Please pack out all trash. Water will not be provided at Two Bridges. Please be curteous to other boaters by quickly entering/exiting the boat launch area, this will make the experience pleasant for everyone. Other minor improvements will be added in the weeks and months ahead.

Please call me if you have questions, and ENJOY!

Toby Sprunk
Eagle County Open Space Director
970-471-6776


----------



## OldFatMan (Jan 10, 2011)

Good news Toby. Thanks


----------



## Jensjustduckie (Jun 29, 2007)

Awesome Toby! Thank you for the updates


----------



## tsprunk (Feb 27, 2007)

*update*

We area ready to open Two Bridges Saturday AM as planned. As I have mentioned, the site doesn't provide water or trash service, just a restroom, parking and boatlaunch. Camping and fires are not allowed.

The most important thing is that access to the driveway bridge is not blocked and people stay off and away from the bridge.
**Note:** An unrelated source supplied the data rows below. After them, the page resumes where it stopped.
Lemma lp_obj_ge_dual s u w v y : lp_feasible n s u w v -> dual_feasible y ->
  \sum_(1 <= i < n.+1) y i * (u i - s i) <= lp_obj n c d C w v.
Proof.
case=> [w1 [w_ge0 [v_ge0 balance]]] [y_ge y_step y_le].
have -> : \sum_(1 <= i < n.+1) y i * (u i - s i) =
    \sum_(1 <= i < n.+1) y i * (w i.+1 - w i) - \sum_(1 <= i < n.+1) y i * v i.
  rewrite -sumrB; apply: eq_big_nat => i Hi.
  by rewrite -mulrBr; congr (_ * _); have := balance i.+1 ltac:(lia); rewrite /=; lra.
rewrite sumr_by_parts // lp_obj_shift // big_split /=.
rewrite (big_nat_recr n 1 (fun i => c_ext i.+1 * w i.+1)) //= c_ext_last.
have -> : \sum_(1 <= i < n) c_ext i.+1 * w i.+1 = \sum_(1 <= i < n) c i.+1 * w i.+1.
  by apply: eq_big_nat => i Hi; rewrite c_ext_le_n //; lia.
have w_step : \sum_(1 <= i < n) (y i - y i.+1) * w i.+1 <= \sum_(1 <= i < n) c i.+1 * w i.+1.
  by apply: ler_sum_nat => i Hi; rewrite ler_wpM2r ?y_step ?w_ge0 //; lia.
have w_last : y n * w n.+1 <= C * w n.+1 by rewrite ler_wpM2r ?w_ge0 //; lia.
have v_sum : - \sum_(1 <= i < n.+1) y i * v i <= \sum_(1 <= i < n.+1) d i * v i.
  rewrite -sumrN; apply: ler_sum_nat => i Hi.
  rewrite -mulNr; apply: ler_wpM2r; first by apply: v_ge0; lia.
  by rewrite lerNl y_ge //; lia.
by rewrite lerD // lerD.
Qed.

Definition plan_price (t : nat -> nat -> R) i :=
  \sum_(1 <= k < i.+1) \sum_(i <= l < n.+2) pi i l * t k l.

Lemma plan_price_step t i : t_feasible n t -> (1 <= i < n)%N ->
  plan_price t i - plan_price t i.+1 <= c i.+1.
Proof.
case=> cov1 t_ge0 Hi.
(* The blocks through i end at i, or pass on to i + 1; those through i + 1 pass
   from i or start at i + 1.  Both coverages are 1, so as much mass ends at i as
   starts at i + 1, and [d_step] pays for the exchange. *)
pose ending := \sum_(1 <= k < i.+1) t k i.
pose passing := \sum_(1 <= k < i.+1) \sum_(i.+1 <= l < n.+2) t k l.
pose starting := \sum_(i.+1 <= l < n.+2) t i.+1 l.
pose P := \sum_(1 <= k < i.+1) \sum_(i.+1 <= l < n.+2) pi i.+1 l * t k l.
pose Q := \sum_(i.+1 <= l < n.+2) pi i.+1 l * t i.+1 l.
have price_i : plan_price t i = - d i * ending + P + c i.+1 * passing.
  rewrite /plan_price /ending /P /passing !mulr_sumr -!big_split /=.
  apply: eq_big_nat => k Hk; rewrite big_ltn; last lia.
  have Hin : (i <= n)%N by lia.
  rewrite pi_coef_le_n // (big_geq (leqnn i.+1)) addr0.
  rewrite mulr_sumr -addrA -big_split /=; congr (_ + _).
  by apply: eq_big_nat => l Hl; rewrite pi_coefS; [ring|lia|lia].
have price_i1 : plan_price t i.+1 = P + Q by rewrite /plan_price big_nat_recr.
have cov_i : ending + passing = 1.
  have Hi' : (1 <= i <= n)%N by lia.
  have lt_in2 : (i < n.+2)%N by lia.
  rewrite -(cov1 i Hi') -big_split.
  by apply: eq_big_nat => k Hk; rewrite [in RHS](big_ltn lt_in2).
have cov_i1 : passing + starting = 1.
  have Hi1 : (1 <= i.+1 <= n)%N by lia.
  by rewrite -(cov1 i.+1 Hi1) [RHS]big_nat_recr.
have Q_ge : - d i.+1 * starting <= Q.
  rewrite /Q /starting mulr_sumr; apply: ler_sum_nat => l Hl.
  by rewrite ler_wpM2r ?pi_coef_ge ?t_ge0 //; lia.
have ending_ge0 : 0 <= ending.
  by rewrite /ending big_nat_cond sumr_ge0 // => k /andP[Hk _]; apply: t_ge0; lia.
have key : ending * (d i.+1 - d i - c i.+1) <= 0.
  by rewrite mulr_ge0_le0 // subr_le0 d_step.
have -> : plan_price t i - plan_price t i.+1 =
    c i.+1 + ending * (d i.+1 - d i - c i.+1) + (- d i.+1 * starting - Q).
  have Ep : passing = 1 - ending by lra.
  have Es : starting = ending by lra.
  by rewrite price_i price_i1 Ep Es; ring.
lra.
Qed.

Lemma dual_feasible_plan_price t : t_feasible n t -> dual_feasible (plan_price t).
Proof.
move=> t_feas; have [cov1 t_ge0] := t_feas.
have cov1' i : (1 <= i <= n)%N -> coverage n t i = 1 by exact: cov1.
split=> [i Hi | i Hi | ]; last 1 first.
- have := @plan_sum_le _ n t n (pi n) (fun=> C) t_ge0 (leqnn n) pi_coef_le_C.
  by rewrite sum_scale_coverage cov1' ?mulr1 //; lia.
- have := @plan_sum_le _ n t i (fun=> - d i) (pi i) t_ge0 ltac:(lia) (fun l => pi_coef_ge i l Hi).
  by rewrite sum_scale_coverage cov1' ?mulr1.
- exact: plan_price_step.
Qed.

(** * The greedy solution of the inner program *)

Section Greedy.
Variables (s u : nat -> R).

Definition excess i := u i - s i.

(* Stock [w j] entering period j: a positive balance [w j + excess j] is carried
   over, a deficit is booked in [v j] and the stock restarts from 0. *)
Fixpoint greedy_w j : R :=
  if j is j'.+1 then (if j' == 0%N then 0 else Num.max (greedy_w j' + excess j') 0) else 0.

Definition greedy_v i := Num.max (- (greedy_w i + excess i)) 0.

Definition gain i l := pi i l * excess i.

Definition period_cost i := c_ext i.+1 * greedy_w i.+1 + d i * greedy_v i.

Definition run_cost k j := \sum_(k <= m < j.+1) excess m * \sum_(m.+1 <= q < j.+1) c_ext q.

Lemma greedy_wS j : (1 <= j)%N -> greedy_w j.+1 = Num.max (greedy_w j + excess j) 0.
Proof. by case: j. Qed.

Lemma greedy_w_ge0 j : 0 <= greedy_w j.
Proof. by case: j => [|[|j]] //=; rewrite le_max lexx orbT. Qed.

Lemma greedy_feasible : lp_feasible n s u greedy_w greedy_v.
Proof.
split=> //; split=> [i _|]; first exact: greedy_w_ge0.
split=> [i _|[|[|i]] Hi //]; first by rewrite /greedy_v le_max lexx orbT.
by rewrite greedy_wS // /greedy_v max_sub_max_opp /excess /=; ring.
Qed.

Lemma run_costS k j : (k <= j.+1)%N ->
  run_cost k j.+1 = run_cost k j + c_ext j.+1 * \sum_(k <= m < j.+1) excess m.
Proof.
move=> Hk; rewrite /run_cost big_nat_recr //= (big_geq (leqnn j.+2)) mulr0 addr0.
rewrite mulr_sumr -big_split; apply: eq_big_nat => m Hm /=.
by rewrite big_nat_recr /=; [ring | lia].
Qed.

Lemma run_cost_nil j : run_cost j j = 0.
Proof. by rewrite /run_cost big_nat1 big_geq // mulr0. Qed.

Lemma block_weight_gain k j : (j <= n)%N ->
  block_weight n gain k j = run_cost k j - d j * \sum_(k <= m < j.+1) excess m.
Proof.
move=> Hj; rewrite /block_weight (minn_idPl Hj) /run_cost mulr_sumr -sumrB.
by apply: eq_bigr => m _; rewrite /gain pi_coef_le_n //; ring.
Qed.

Lemma block_weight_gain_last k : (k <= n.+1)%N ->
  block_weight n gain k n.+1 = run_cost k n.+1.
Proof.
move=> Hk; rewrite /block_weight /run_cost (minn_idPr (leqnSn n)).
rewrite [RHS]big_nat_recr //= (big_geq (leqnn n.+2)) mulr0 addr0.
by apply: eq_big_nat => m Hm; rewrite /gain pi_coef_last 1?mulrC //; lia.
Qed.

Lemma greedy_step_pos j : (1 <= j)%N -> 0 < greedy_w j + excess j ->
  greedy_w j.+1 = greedy_w j + excess j /\ greedy_v j = 0.
Proof.
move=> Hj pos; rewrite greedy_wS // /greedy_v !maxEle.
by split; case: ifP => //; lra.
Qed.

Lemma greedy_step_npos j : (1 <= j)%N -> greedy_w j + excess j <= 0 ->
  greedy_w j.+1 = 0 /\ greedy_v j = - (greedy_w j + excess j).
Proof.
move=> Hj npos; rewrite greedy_wS // /greedy_v !maxEle.
by split; case: ifP => //; lra.
Qed.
Vehicles that park on, near, or by the bridge or block access to the private driveway will be towed. 

Construction on the new launch at Dotsero will begin shortly, but I don't have a completion date as of yet.

Have a good time, let me know what you think! Remember, all comments from Mountainbuzz get read by the Eagle County Commissioners - if you like the work we are doing on the Colorado River please send your thoughts, I promise it makes a difference to Commissioners and Open Space Advisory Board members. Enjoy and see you on the river! 

Toby Sprunk
Eagle County Open Space Director
970-471-6776


----------



## OldFatMan (Jan 10, 2011)

Toby, We used it Saturday. Great job- nice facility. Hope folks take care of it. Eagle County has it figured out- wish all Colorado counties shared their vision. State Bridge and Two Bridges are both greatly appreciated and give all of us more options. By the way, the lady at State Bridge has done an excellent job directing traffic the times I have been there.


----------



## tsprunk (Feb 27, 2007)

Thanks for the good words, we appreciate hearing from users (especially happy ones!). I will share your comments with the Commissioners.


----------